Others started reposting sme11a__’s Reel, which had over 195,000 likes on Instagram, to TikTok that month. The meme, which had been largely contained to Instagram, began taking off on the competing platform. On TikTok, the tag #mulchgang has over 49 million views, and tag #mulchmaxxing has over 20 million views. TikToks about the meme’s apparent obscurity and bizarre premise further propelled its popularity. 

Under a video about struggling to explain the meme to those who aren’t chronically online, TikTok user bisouchuu commented, “i am mulchmaxxing on microplastic 24/7 but i keep mentioning it to my non soilpilled friends.” 

“This message makes me feel like a Victorian child when I read it,” another user replied to bisouchuu. 

Some have questioned whether mulch posts could be dogwhistles for hate groups. It’s understandable that viewers would be suspicious of coded language in memes, given the history of white supremacy groups adopting seemingly innocuous imagery as symbols of their ideology. The white nationalist campaign to claim Pepe the Frog as the face of racist extremism jaded us all against anything online that should be wholesome. An Instagram user asked sme11a__ to reassure them that mulch gang isn’t a “n@z1” or “NFT cult” in the comments of a recent Reel.

“im not any of those things, mulch gang is just funny dogs eat dirt,” sme11a__ replied.

Mulchposting has all the markers of meme humor mischaracterized as “Gen Z culture,” which is really just Very Online humor. It’s absurd, and it’s easy to replicate, and there’s space for the joke to evolve. Internet absurdism is cyclical in nature, and mulch posts have been preceded by years of shitposting.

In 2017, the Washington Post tried to explain internet humor in a column titled, “Why is millennial humor so weird?” The column cited the meme “Hey Beter,” a four-panel image that starts with someone addressing the “Family Guy” character Peter Griffin as “Beter,” and ends with a phrase completely unrelated to the first image. In the example cited by the Washington Post, a laser-eyed Elmo holds Peter at gunpoint and demands that he spell “Whomst’ve.” The meme ends by asking viewers to “follow for a free iphone 5.”  

In its recent explanation of Gen Z humor for bewildered millennials, Insider cited the Grimace shake trend that went viral on TikTok earlier this year. In Grimace shake videos, TikTok users filmed themselves taking sips of McDonald’s purple milkshake, before the video abruptly cut to a clip of the same user incapacitated on the ground, in abandoned buildings or in eerily empty playgrounds. 

Neither “Hey Beter” nor the Grimace shake trend have an explicit punchline. The non sequitur is the punchline. Absurdist philosophy pervades meme humor, and the futility of trying to explain jokes that are ultimately meaningless is what makes internet absurdism so funny.

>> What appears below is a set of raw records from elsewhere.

Lemma det_polyC_entries k (A : 'M[{poly F}]_k) :
  (forall a b, A a b = ((A a b)`_0)%:P) ->
  \det A = (\det (map_mx (fun p : {poly F} => p`_0) A))%:P.
Proof.
move=> AC; rewrite -det_map_mx; congr (\det _); apply/matrixP => a b.
by rewrite [RHS]mxE mxE /= -AC.
Qed.

Lemma lin_det_Dmx g j l : (l < j)%N -> lin (\det (Dmx q j g l)).
Proof.
case: j => [//|j] lj; rewrite (expand_det_col _ ord_max); apply: lin_sum => t _.
have -> : Dmx q j.+1 g l t ord_max = 'X^(q ^ t) by rewrite mxE /= ltnn ltnNge -ltnS lj.
rewrite /cofactor det_polyC_entries => [|a b]; last first.
  by rewrite !mxE lift_max; case: ifP => _; rewrite ?ltnS ?ltn_ord coefC.
by rewrite mulrCA; apply: lin_sign; rewrite mulrC mul_polyC; exact/linZ/linXn.
Qed.

Lemma lin_Lambda j g r : lin (Lambda q j g r).
Proof. by apply/linZ/lin_sum => l _; exact/linZ/lin_det_Dmx. Qed.

(* For the rows [P -K] and [N -D] at index i-1 these are the paper's Gamma and Delta. *)
Definition defect (g r : nat -> F) j (w : pair2 F) : F := w.1.[g j] + w.2.[r j].

Definition interp_ker (g r : nat -> F) j (w : pair2 F) : Prop :=
  [/\ lin w.1, lin w.2 & forall l, (l < j)%N -> defect g r l w = 0].

Section FqSpan.
Variable m : nat.
Hypothesis cardF : #|F| = (q ^ m)%N.
Variables (g : nat -> F) (n : nat).
Hypothesis g_free : forall c : nat -> F, (forall l, (l < n)%N -> c l ^+ q = c l) ->
  \sum_(l < n) c l * g l = 0 -> forall l, (l < n)%N -> c l = 0.

Local Notation V j := (Fq_span q j g).
Local Notation PI j := (Pi q j g).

It’s fitting that the meme “One must imagine Sisysphus happy,” which went viral on Instagram and TikTok this year when users paired the phrase with images and videos of impossible tasks, is pulled from an essay by philosopher and absurdist writer Albert Camus.

Internet culture is constantly subverting itself, and the “Gen Z humor” shaping memes today, like mulch posts, is an evolution of “millennial humor” of the 2010s. With its motivational undertones and earnest nature, the version of internet humor that exists today is decidedly less bleak than its millennial predecessor, which the Guardian described as “disorientating, dark and strange” in 2019. That millennial humor was shaped by online trends that existed long before social media. The 1998 “Hampster Dance,” credited as one of the first internet memes, was infectious, nonsensical and at the time, inexplicably funny.

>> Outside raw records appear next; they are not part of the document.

(* Let $T$ be a DAT with duration vector $d$, and let $\mathcal{O}\in\mathcal{S}_T$ be a successful attack. Then there exists an exact time assignment $f$ with $f_{\mathrm{R}_T}\le\mathrm{t}(\mathcal{O},d)$.
   Context: A dynamic attack tree (DAT) is a finite rooted directed acyclic graph $T=(N,E)$ (edges point from a node to its children) with root $\mathrm{R}_T$, in which each node $v$ has a type $\gamma(v)\in\{\mathtt{BAS},\mathtt{OR},\mathtt{AND},\mathtt{SAND}\}$, with $\gamma(v)=\mathtt{BAS}$ if and only if $v$ is a leaf. Every node of type $\mathtt{SAND}$ comes with a fixed linear ordering $v_1,\dots,v_n$ of its children, written $v=\mathtt{SAND}(v_1,\dots,v_n)$; similarly one writes $v=\mathtt{OR}(v_1,\dots,v_n)$, $v=\mathtt{AND}(v_1,\dots,v_n)$. $N_\gamma$ denotes the set of nodes of type $\gamma$. For a node $v$, $B_v$ is the set of nodes of type $\mathtt{BAS}$ that are descendants of $v$ (reachable from $v$ by a directed path, including $v$ itself). An attack on $T$ is a pair $\mathcal{O}=(A,\prec)$ where $A\subseteq N_{\mathtt{BAS}}$ and $\prec$ is a strict partial order on $A$. An attack $(A,\prec)$ reaches a node $v$, defined recursively: if $v\in N_{\mathtt{BAS}}$, iff $v\in A$; if $v=\mathtt{OR}(v_1,\dots,v_n)$, iff it reaches some $v_i$; if $v=\mathtt{AND}(v_1,\dots,v_n)$, iff it reaches all $v_i$; if $v=\mathtt{SAND}(v_1,\dots,v_n)$, iff it reaches all $v_i$ and for every $i<n$, every $a\in A\cap B_{v_i}$ and every $a'\in A\cap B_{v_{i+1}}$ one has $a\prec a'$. An attack is successful if it reaches $\mathrm{R}_T$; $\mathcal{S}_T$ is the set of successful attacks. A duration vector is $d\in\mathbb{R}_{\ge0}^{N_{\mathtt{BAS}}}$. For an attack $\mathcal{O}=(A,\prec)$, $\mathrm{t}(\mathcal{O},d)=\max_C\sum_{a\in C}d_a$, the maximum over all maximal chains $C$ of $(A,\prec)$ (equal to $0$ if $A=\varnothing$). Time assignments: for a node $v$ with ordered children $v_1,\dots,v_n$ and $i<n$, let $Z^v_i=B_{v_i}\times B_{v_{i+1}}$. A time assignment is a vector $f\in[0,\infty]^N$ such that: (1) $f_a\ge d_a$ for every $a\in N_{\mathtt{BAS}}$; (2) $f_v\ge\min_i f_{v_i}$ for every $v=\mathtt{OR}(v_1,\dots,v_n)$; (3) $f_v\ge\max_i f_{v_i}$ for every $v=\mathtt{AND}(v_1,\dots,v_n)$; (4) for every $v=\mathtt{SAND}(v_1,\dots,v_n)$: (a) $f_v\ge f_{v_n}$; (b) if $f_{v_i}=\infty$ for some $i\le n$ then $f_v=\infty$; (c) if there exist $i<n$ and $(a,a')\in Z^v_i$ with $f_{a'}-d_{a'}<f_a<\infty$, then $f_v=\infty$. A time assignment is exact if equality holds in (2) and (3) for all OR- and AND-nodes, and for every SAND-node $v$ for which neither the premise of (4b) nor the premise of (4c) holds, one has $f_v=f_{v_n}$. *)

From HB Require Import structures.
From mathcomp Require Import all_boot all_order all_algebra.
From mathcomp Require Import reals constructive_ereal.
Set Implicit Arguments. Unset Strict Implicit. Unset Printing Implicit Defensive.
Import Order.TTheory GRing.Theory Num.Theory.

The trajectory of mulch posts, from Instagram to TikTok instead of the other way around, is uncommon, but given the enduring popularity of absurdist memes, it makes sense that shitpost-y content would be one of the first original Instagram trends to break through to mainstream social media in years. Screenshots of Instagram posts, most of which are from meme accounts, are constantly reposted as TikTok slideshows — though the recycled content consists of standalone memes, and haven’t inspired a larger trend under a unifying theme. Reels may have had original trends, like viral songs or popular editing techniques, but few, if any, have been unique enough to spread to other platforms. 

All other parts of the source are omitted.